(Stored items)
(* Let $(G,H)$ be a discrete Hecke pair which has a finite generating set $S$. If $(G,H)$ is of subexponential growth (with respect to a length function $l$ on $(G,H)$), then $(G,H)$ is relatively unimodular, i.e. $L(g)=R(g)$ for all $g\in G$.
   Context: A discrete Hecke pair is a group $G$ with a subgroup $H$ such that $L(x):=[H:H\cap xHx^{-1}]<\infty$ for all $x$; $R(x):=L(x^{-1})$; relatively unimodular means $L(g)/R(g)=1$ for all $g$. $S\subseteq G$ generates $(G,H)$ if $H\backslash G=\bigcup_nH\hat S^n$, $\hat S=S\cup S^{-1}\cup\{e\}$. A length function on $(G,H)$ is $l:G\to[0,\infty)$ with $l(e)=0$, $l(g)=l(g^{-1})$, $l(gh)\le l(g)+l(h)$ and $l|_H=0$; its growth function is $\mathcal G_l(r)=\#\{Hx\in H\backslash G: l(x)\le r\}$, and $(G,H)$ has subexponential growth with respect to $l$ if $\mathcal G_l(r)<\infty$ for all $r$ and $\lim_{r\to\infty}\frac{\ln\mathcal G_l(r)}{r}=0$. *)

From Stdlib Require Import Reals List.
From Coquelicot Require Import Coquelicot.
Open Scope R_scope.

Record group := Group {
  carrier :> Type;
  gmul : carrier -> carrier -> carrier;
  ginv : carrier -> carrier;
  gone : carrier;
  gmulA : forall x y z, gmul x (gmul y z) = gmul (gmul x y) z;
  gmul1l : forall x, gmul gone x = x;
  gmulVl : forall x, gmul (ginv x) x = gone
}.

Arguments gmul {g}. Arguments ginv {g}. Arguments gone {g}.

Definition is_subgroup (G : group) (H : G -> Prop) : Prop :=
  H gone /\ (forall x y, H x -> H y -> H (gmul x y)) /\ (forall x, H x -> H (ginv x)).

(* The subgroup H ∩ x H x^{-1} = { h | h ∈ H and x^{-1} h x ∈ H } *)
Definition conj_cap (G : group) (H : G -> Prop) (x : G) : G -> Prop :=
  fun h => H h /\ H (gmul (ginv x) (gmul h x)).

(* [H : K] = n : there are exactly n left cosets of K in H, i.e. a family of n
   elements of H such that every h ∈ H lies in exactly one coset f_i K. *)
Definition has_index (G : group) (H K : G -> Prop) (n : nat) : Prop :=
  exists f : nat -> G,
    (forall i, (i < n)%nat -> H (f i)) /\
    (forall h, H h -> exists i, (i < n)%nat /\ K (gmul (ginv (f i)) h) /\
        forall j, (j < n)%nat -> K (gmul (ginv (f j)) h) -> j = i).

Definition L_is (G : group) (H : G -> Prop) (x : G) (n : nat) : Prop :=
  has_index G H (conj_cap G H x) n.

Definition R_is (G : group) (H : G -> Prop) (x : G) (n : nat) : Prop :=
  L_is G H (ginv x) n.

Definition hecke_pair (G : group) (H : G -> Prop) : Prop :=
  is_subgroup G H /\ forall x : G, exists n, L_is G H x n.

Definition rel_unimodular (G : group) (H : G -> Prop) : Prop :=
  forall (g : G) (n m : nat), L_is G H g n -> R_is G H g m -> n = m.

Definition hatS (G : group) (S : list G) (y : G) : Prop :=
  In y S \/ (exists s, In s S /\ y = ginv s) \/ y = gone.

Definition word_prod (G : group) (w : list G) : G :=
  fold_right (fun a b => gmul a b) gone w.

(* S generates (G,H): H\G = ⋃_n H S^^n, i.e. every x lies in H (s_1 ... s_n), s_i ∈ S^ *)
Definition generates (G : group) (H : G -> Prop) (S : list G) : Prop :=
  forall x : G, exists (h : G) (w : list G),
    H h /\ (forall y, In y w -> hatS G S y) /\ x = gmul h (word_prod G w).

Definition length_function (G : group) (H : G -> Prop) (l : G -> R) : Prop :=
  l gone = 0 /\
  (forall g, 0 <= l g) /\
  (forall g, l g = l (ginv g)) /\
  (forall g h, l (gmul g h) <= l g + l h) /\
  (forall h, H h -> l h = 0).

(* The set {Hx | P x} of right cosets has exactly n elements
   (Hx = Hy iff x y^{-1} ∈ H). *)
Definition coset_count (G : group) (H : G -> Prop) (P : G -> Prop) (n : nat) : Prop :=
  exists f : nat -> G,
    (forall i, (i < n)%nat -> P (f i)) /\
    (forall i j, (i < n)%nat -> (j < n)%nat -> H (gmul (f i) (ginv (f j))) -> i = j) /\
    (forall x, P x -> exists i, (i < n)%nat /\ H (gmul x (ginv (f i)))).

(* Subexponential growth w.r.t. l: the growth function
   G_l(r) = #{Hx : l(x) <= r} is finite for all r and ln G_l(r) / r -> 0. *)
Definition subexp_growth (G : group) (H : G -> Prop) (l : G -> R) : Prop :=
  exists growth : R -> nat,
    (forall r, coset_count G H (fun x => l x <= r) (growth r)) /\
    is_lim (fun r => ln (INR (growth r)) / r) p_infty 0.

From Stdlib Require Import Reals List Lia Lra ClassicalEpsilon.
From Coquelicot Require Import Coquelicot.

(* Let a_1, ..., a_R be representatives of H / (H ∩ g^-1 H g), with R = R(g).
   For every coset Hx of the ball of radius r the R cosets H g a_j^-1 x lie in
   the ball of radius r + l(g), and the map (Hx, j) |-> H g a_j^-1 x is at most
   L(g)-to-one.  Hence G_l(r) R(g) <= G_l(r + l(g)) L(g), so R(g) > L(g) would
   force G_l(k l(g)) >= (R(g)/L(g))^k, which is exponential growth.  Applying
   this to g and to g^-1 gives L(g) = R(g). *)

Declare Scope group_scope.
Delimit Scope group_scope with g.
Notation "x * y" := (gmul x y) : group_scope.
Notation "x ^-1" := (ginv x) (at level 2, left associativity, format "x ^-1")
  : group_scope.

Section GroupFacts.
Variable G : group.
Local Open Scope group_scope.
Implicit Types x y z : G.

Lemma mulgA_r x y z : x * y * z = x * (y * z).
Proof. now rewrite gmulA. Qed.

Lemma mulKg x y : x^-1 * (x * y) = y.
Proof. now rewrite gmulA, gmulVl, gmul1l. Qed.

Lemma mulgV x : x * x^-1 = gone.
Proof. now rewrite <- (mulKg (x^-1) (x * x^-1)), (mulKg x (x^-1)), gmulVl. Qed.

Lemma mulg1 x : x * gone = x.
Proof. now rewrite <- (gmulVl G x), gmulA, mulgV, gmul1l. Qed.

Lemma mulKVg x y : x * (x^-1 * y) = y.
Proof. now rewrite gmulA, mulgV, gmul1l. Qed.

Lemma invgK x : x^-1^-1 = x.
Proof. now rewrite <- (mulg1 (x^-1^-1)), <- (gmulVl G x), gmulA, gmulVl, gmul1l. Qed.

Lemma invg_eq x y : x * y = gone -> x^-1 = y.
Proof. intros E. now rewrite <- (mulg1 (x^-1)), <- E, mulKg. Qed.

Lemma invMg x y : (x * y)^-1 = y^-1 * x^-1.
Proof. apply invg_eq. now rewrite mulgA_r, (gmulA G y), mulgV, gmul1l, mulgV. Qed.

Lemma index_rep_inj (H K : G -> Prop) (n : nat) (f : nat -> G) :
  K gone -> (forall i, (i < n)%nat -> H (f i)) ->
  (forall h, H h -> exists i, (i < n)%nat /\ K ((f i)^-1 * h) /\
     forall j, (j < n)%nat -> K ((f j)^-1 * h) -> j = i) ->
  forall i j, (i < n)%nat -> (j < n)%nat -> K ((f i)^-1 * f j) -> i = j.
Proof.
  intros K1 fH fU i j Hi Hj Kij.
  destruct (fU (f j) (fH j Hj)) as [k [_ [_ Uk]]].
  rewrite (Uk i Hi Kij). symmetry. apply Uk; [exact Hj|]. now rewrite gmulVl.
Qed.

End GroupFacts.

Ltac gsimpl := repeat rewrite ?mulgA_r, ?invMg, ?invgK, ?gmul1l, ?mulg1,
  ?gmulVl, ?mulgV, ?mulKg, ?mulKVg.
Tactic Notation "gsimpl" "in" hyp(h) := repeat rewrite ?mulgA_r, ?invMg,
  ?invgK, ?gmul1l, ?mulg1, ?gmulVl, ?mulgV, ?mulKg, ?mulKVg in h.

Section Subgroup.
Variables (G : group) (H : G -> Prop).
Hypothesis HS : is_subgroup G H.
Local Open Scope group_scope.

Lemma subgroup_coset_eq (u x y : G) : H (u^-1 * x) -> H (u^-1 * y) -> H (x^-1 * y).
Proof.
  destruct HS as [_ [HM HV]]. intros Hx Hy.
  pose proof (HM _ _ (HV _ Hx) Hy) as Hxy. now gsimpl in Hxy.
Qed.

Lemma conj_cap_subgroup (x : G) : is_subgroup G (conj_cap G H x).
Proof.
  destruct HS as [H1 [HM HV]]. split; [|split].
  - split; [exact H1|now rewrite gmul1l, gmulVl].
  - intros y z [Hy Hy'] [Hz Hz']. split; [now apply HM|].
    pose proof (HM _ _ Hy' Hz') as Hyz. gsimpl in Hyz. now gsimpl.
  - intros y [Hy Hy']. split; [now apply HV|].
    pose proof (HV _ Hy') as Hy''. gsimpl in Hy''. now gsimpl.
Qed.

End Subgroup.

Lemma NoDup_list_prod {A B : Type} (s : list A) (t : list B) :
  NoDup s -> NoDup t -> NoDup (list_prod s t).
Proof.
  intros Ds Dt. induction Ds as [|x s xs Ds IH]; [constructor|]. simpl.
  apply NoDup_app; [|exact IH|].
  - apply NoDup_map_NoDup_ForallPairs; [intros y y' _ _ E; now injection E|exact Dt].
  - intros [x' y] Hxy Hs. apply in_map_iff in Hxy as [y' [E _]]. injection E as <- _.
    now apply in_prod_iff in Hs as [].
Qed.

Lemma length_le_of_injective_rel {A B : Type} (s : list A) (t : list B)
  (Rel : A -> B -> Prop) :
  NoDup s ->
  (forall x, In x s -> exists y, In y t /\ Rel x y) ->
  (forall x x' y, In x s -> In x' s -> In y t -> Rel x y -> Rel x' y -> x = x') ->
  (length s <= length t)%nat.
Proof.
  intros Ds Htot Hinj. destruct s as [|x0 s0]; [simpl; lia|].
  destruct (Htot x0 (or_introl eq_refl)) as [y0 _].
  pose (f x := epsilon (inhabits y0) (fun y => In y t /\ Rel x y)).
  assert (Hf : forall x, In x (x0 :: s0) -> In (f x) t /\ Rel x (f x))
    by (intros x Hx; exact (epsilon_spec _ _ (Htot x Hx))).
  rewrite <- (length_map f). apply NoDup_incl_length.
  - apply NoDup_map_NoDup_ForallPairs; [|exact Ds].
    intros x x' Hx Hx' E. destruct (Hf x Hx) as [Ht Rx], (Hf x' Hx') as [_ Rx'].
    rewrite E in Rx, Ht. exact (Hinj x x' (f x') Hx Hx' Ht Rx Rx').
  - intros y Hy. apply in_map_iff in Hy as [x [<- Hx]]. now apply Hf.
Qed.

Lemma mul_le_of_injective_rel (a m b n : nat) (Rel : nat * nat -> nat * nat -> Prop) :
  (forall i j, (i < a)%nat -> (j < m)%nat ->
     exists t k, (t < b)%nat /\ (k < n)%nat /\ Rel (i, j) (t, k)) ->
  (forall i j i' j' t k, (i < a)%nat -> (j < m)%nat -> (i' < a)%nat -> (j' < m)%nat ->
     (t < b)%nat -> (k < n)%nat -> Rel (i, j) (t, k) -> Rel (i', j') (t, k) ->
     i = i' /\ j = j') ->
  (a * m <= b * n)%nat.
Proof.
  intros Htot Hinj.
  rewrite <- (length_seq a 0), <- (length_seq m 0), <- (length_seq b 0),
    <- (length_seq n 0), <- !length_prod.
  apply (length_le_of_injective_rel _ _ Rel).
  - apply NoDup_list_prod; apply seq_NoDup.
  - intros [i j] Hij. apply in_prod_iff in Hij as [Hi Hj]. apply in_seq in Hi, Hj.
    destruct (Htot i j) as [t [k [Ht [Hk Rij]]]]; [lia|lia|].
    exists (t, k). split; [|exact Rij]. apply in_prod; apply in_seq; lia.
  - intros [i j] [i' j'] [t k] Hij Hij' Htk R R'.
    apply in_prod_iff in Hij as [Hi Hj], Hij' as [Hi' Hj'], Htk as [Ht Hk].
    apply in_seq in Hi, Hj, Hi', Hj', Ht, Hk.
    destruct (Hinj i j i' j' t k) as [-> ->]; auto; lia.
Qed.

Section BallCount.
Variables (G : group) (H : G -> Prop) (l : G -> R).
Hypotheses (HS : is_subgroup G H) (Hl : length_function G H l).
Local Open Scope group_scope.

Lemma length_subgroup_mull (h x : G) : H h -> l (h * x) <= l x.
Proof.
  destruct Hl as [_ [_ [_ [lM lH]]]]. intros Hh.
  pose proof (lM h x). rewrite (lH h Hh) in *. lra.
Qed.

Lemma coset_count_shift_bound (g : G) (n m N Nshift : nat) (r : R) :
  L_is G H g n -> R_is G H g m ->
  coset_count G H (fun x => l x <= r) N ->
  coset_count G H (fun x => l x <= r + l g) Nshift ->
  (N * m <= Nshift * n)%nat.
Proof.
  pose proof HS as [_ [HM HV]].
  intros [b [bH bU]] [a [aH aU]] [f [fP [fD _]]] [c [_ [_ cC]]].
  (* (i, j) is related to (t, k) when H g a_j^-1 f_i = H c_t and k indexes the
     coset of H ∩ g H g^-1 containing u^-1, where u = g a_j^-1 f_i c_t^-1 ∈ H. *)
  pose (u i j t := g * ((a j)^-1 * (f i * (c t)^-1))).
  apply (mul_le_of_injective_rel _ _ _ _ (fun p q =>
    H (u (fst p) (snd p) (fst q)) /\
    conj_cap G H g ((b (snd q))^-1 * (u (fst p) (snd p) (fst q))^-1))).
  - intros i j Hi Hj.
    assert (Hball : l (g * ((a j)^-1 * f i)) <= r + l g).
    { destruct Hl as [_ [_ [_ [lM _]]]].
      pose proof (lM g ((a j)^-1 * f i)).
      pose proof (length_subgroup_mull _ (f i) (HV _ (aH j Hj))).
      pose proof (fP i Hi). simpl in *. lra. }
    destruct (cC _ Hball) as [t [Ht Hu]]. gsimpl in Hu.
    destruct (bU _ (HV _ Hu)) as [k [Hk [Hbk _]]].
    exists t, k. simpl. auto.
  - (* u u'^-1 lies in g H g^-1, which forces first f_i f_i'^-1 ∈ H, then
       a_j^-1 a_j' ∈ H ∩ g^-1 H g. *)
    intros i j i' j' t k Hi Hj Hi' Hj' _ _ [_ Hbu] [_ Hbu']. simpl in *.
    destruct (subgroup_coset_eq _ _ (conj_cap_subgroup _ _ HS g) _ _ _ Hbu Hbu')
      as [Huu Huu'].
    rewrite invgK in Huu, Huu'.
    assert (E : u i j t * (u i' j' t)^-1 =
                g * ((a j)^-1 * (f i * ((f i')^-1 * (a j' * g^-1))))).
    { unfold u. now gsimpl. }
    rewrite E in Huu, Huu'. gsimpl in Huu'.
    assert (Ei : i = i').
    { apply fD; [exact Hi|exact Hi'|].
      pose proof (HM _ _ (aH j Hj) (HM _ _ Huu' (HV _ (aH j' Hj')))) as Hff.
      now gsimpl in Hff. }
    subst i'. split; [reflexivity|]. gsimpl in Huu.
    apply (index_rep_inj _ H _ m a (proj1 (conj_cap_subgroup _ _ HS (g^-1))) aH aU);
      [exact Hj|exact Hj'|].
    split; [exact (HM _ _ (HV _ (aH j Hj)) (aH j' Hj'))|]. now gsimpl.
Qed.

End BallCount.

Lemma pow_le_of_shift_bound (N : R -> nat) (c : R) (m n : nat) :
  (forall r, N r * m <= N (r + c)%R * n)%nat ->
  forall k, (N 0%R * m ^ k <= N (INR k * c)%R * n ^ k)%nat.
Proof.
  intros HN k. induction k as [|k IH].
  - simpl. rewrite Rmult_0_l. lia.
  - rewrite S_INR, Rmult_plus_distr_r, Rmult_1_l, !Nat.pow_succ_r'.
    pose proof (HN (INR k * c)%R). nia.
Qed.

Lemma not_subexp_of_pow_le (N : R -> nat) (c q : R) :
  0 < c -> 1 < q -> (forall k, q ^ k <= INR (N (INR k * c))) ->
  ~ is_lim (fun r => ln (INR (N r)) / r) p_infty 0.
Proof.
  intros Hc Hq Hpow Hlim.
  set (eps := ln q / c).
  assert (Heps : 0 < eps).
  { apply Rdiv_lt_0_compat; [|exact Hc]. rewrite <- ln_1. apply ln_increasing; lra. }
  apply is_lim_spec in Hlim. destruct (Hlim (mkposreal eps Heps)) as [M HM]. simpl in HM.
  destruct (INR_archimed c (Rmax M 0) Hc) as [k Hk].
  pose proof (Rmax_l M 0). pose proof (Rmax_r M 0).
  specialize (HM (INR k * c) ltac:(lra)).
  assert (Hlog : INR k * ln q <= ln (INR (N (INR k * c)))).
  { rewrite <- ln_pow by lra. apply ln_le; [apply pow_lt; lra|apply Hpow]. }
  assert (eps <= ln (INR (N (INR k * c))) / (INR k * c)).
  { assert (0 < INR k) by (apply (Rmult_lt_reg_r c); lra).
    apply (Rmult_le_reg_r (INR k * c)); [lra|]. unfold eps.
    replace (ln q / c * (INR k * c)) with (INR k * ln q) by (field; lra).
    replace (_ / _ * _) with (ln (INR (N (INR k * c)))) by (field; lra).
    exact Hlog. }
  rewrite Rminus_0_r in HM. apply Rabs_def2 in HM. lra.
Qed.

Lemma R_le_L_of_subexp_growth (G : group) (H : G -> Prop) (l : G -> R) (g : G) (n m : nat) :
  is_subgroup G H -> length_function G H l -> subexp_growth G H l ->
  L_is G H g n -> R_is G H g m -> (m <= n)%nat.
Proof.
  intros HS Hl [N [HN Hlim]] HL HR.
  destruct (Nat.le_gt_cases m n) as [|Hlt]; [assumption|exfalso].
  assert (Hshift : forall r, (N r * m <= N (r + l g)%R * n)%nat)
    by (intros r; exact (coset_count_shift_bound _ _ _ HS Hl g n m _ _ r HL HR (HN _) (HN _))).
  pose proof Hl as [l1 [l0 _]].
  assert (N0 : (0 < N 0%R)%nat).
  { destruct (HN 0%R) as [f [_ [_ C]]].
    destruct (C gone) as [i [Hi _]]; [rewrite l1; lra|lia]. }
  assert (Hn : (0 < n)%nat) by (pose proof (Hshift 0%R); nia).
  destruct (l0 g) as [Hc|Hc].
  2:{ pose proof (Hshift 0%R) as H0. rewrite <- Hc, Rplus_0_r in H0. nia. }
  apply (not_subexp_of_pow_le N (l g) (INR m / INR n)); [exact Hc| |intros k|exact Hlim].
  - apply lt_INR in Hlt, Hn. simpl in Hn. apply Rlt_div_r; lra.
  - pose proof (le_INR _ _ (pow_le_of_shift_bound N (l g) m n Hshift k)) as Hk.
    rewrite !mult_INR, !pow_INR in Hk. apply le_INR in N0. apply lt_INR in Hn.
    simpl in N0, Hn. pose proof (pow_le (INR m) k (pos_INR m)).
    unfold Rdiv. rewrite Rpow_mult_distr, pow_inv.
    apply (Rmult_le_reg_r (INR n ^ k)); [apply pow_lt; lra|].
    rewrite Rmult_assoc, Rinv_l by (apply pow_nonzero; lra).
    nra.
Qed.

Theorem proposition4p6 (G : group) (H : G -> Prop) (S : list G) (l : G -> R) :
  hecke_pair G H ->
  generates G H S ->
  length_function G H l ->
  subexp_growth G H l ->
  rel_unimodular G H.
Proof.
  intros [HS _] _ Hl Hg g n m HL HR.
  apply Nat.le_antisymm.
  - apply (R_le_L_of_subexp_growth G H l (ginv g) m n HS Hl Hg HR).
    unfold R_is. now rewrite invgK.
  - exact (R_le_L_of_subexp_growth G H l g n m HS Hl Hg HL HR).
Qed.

...

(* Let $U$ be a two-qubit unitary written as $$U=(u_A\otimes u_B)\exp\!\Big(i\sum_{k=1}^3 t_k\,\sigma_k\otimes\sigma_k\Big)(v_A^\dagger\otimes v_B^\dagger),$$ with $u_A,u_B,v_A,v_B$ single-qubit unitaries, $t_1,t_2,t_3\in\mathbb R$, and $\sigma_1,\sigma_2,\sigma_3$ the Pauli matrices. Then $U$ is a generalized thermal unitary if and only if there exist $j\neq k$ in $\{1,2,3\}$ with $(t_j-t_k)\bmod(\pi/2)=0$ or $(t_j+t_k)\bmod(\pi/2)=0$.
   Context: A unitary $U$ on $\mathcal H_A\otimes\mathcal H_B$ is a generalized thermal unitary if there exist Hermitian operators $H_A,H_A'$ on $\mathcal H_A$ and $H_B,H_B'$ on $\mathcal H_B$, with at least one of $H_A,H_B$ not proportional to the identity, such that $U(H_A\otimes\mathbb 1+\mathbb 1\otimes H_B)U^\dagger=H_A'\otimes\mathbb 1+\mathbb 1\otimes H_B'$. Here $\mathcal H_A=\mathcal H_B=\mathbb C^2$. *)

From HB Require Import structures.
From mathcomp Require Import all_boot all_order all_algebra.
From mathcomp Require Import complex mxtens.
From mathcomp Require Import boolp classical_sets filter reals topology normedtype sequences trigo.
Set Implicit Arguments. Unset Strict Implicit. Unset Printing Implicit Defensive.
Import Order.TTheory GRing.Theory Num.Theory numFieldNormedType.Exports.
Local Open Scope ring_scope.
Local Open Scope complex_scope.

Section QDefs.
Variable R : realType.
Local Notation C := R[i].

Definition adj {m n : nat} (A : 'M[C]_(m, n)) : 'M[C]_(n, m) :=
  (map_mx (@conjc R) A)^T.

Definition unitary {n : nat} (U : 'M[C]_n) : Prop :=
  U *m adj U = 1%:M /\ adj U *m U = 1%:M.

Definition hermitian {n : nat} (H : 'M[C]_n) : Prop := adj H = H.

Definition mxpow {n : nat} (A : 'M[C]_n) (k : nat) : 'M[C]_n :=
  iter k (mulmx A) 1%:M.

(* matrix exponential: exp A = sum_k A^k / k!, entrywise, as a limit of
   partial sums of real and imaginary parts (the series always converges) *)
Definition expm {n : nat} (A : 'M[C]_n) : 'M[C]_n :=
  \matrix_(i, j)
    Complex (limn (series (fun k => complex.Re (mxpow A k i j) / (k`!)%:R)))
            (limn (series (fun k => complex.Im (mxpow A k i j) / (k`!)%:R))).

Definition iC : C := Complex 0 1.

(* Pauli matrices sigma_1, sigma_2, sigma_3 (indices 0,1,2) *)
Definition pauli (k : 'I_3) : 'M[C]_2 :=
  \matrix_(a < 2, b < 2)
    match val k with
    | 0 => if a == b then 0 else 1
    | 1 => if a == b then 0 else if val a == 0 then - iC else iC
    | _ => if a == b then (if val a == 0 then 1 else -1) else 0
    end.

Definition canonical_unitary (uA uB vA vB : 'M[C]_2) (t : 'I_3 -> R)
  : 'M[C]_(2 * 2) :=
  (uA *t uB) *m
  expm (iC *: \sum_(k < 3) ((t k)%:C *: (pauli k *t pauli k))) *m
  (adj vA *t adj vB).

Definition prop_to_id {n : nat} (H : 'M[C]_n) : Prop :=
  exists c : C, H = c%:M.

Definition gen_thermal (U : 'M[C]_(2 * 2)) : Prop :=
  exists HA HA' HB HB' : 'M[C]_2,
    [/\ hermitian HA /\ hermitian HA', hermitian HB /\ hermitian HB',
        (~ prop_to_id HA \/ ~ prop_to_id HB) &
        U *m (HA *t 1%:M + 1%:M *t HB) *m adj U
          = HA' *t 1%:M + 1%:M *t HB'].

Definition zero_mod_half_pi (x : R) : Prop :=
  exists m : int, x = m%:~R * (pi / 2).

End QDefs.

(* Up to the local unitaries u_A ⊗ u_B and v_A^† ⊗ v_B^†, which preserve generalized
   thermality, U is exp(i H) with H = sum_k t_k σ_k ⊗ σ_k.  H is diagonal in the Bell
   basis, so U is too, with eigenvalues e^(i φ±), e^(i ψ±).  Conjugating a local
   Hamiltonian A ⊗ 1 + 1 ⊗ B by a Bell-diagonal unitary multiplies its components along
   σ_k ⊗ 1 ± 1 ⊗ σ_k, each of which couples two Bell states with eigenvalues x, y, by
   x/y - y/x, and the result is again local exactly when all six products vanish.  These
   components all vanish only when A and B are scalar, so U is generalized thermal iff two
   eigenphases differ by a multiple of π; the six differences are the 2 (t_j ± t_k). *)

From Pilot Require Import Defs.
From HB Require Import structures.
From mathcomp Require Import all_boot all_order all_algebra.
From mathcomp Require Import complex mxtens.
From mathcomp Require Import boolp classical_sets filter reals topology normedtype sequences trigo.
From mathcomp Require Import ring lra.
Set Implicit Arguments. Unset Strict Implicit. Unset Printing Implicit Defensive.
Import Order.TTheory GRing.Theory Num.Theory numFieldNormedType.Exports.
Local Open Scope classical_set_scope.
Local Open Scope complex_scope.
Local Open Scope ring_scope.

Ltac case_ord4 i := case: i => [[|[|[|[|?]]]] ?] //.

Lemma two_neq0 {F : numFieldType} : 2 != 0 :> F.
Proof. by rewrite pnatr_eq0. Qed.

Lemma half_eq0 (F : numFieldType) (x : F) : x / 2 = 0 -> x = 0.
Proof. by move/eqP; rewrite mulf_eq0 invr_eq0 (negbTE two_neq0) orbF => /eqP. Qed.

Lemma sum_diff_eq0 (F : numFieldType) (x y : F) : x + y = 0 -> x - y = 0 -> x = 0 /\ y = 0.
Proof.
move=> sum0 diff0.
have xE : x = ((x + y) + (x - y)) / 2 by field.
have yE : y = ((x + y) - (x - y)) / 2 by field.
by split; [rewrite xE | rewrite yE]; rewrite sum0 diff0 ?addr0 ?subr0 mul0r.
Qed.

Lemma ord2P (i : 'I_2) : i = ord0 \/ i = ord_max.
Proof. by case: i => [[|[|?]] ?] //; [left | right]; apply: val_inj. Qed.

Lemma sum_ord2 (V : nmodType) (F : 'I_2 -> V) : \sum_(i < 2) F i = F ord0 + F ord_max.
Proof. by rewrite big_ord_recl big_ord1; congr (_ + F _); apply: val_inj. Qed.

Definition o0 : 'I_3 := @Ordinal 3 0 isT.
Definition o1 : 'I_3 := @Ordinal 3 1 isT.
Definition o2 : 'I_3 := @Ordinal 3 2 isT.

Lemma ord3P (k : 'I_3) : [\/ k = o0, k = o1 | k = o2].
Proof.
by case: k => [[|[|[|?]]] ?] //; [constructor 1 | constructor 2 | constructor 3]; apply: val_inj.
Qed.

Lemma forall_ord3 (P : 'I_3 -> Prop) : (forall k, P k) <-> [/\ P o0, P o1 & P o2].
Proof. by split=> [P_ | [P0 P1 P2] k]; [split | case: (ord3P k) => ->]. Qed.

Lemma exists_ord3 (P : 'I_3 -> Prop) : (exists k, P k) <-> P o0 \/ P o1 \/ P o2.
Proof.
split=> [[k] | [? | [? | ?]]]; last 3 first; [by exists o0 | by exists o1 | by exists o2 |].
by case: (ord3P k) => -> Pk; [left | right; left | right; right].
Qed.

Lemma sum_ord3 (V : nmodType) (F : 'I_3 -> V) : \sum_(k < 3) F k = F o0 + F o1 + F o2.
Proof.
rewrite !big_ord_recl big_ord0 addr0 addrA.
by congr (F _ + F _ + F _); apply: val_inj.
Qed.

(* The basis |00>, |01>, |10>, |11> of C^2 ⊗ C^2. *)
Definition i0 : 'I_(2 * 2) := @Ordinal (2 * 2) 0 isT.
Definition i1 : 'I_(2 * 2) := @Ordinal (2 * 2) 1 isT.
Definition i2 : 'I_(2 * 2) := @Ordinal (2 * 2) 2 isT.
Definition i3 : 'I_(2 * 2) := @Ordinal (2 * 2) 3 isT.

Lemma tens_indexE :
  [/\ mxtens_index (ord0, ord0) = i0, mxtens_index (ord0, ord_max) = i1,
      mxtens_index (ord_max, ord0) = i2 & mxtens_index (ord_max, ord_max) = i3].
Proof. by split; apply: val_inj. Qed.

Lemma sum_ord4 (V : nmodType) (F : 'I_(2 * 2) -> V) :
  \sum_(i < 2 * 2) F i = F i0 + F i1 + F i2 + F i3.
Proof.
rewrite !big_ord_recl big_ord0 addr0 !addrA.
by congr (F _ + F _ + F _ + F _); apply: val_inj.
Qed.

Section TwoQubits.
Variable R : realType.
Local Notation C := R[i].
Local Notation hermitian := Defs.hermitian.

### WORK TO COMPLETE
Taking the entries above, restate exactly those lines that fall between the line with "coset of H ∩" and the line with "- intros i j Hi Hj.", keeping both of those lines too.

### WRITTEN SOLUTION
     coset of H ∩ g H g^-1 containing u^-1, where u = g a_j^-1 f_i c_t^-1 ∈ H. *)
  pose (u i j t := g * ((a j)^-1 * (f i * (c t)^-1))).
  apply (mul_le_of_injective_rel _ _ _ _ (fun p q =>
    H (u (fst p) (snd p) (fst q)) /\
    conj_cap G H g ((b (snd q))^-1 * (u (fst p) (snd p) (fst q))^-1))).
  - intros i j Hi Hj.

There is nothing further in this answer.